For the Corresponding IAM Role, add the following policies:

* AmazonTranscribeFullAccess
* AWSMarketplaceManageSubscriptions
* AmazonPollyFullAccess
* AmazonSageMakerFullAccess

### Creating the Model

In [30]:
def predict_wrapper(endpoint, session):
    return sage.RealTimePredictor(endpoint, session, content_type='application/x-recordio-protobuf')
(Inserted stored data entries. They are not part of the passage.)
(* Let $\Gamma\subseteq\mathit{Aff}(2,\mathbb{H})$ be an abelian subgroup acting freely on $\mathbb{H}^2$. Then $\Gamma$ is conjugate in $\mathit{Aff}(2,\mathbb{H})$ either to a subgroup of the group of all matrices $\begin{pmatrix} 1&0&r\\ 0&d&0\\ 0&0&1\end{pmatrix}$ with $r,d\in\mathbb{H}$, $d\neq0$, or to a subgroup of the group of all matrices $\begin{pmatrix} 1&b&r\\ 0&1&s\\ 0&0&1\end{pmatrix}$ with $b,r,s\in\mathbb{H}$.
   Context: $\mathit{Aff}(2,\mathbb{H})$ is identified with invertible $3\times3$ quaternionic matrices $\begin{pmatrix} a&b&r\\ c&d&s\\ 0&0&1\end{pmatrix}$ acting on $(x,y)\in\mathbb{H}^2$ by $(x,y)\mapsto(ax+by+r,cx+dy+s)$. *)

From HB Require Import structures.
From mathcomp Require Import all_boot all_order all_algebra.
From mathcomp Require Import reals.
Set Implicit Arguments. Unset Strict Implicit. Unset Printing Implicit Defensive.
Import Order.TTheory GRing.Theory Num.Theory.
Local Open Scope ring_scope.

Section Quat.
Variable R : realType.

(* Quaternions H = R + R i + R j + R k *)
Record quat := Quat { q0 : R; q1 : R; q2 : R; q3 : R }.

Definition qzero : quat := Quat 0 0 0 0.
Definition qone : quat := Quat 1 0 0 0.
Definition qadd (p q : quat) : quat :=
  Quat (q0 p + q0 q) (q1 p + q1 q) (q2 p + q2 q) (q3 p + q3 q).
(* Hamilton product, i^2 = j^2 = k^2 = ijk = -1 *)
Definition qmul (p q : quat) : quat :=
  Quat (q0 p * q0 q - q1 p * q1 q - q2 p * q2 q - q3 p * q3 q)
       (q0 p * q1 q + q1 p * q0 q + q2 p * q3 q - q3 p * q2 q)
       (q0 p * q2 q - q1 p * q3 q + q2 p * q0 q + q3 p * q1 q)
       (q0 p * q3 q + q1 p * q2 q - q2 p * q1 q + q3 p * q0 q).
model = ModelPackage(role=role,
                     model_package_arn=modelpackage_arn,
                     sagemaker_session=sagemaker_session,
                     predictor_cls=predict_wrapper)

### Running the Batch Job

Note that if the initial audio file is longer than around 30 seconds, it is too large for the model. The split_mp3() method in  src.audio_util works around this by splitting an mp3 file into 30 second segments. 

This method requires ffmpeg as a dependency sice it uses pydub. Instead of installing it on the notebook, the code below was executed locally with ffmpeg installed. (```apt-get install ffmpeg``` for an Ubunutu machine, as I had trouble figuring out how to install it via yum).

But no worries the output of the split_mp3() method has already been added to this repository so no need to go execute it for demo purposes. 

In [74]:
# The following lines of code require 
audio_util.split_mp3("songs/drake-toosie_slide.mp3", "../source-separation-input/")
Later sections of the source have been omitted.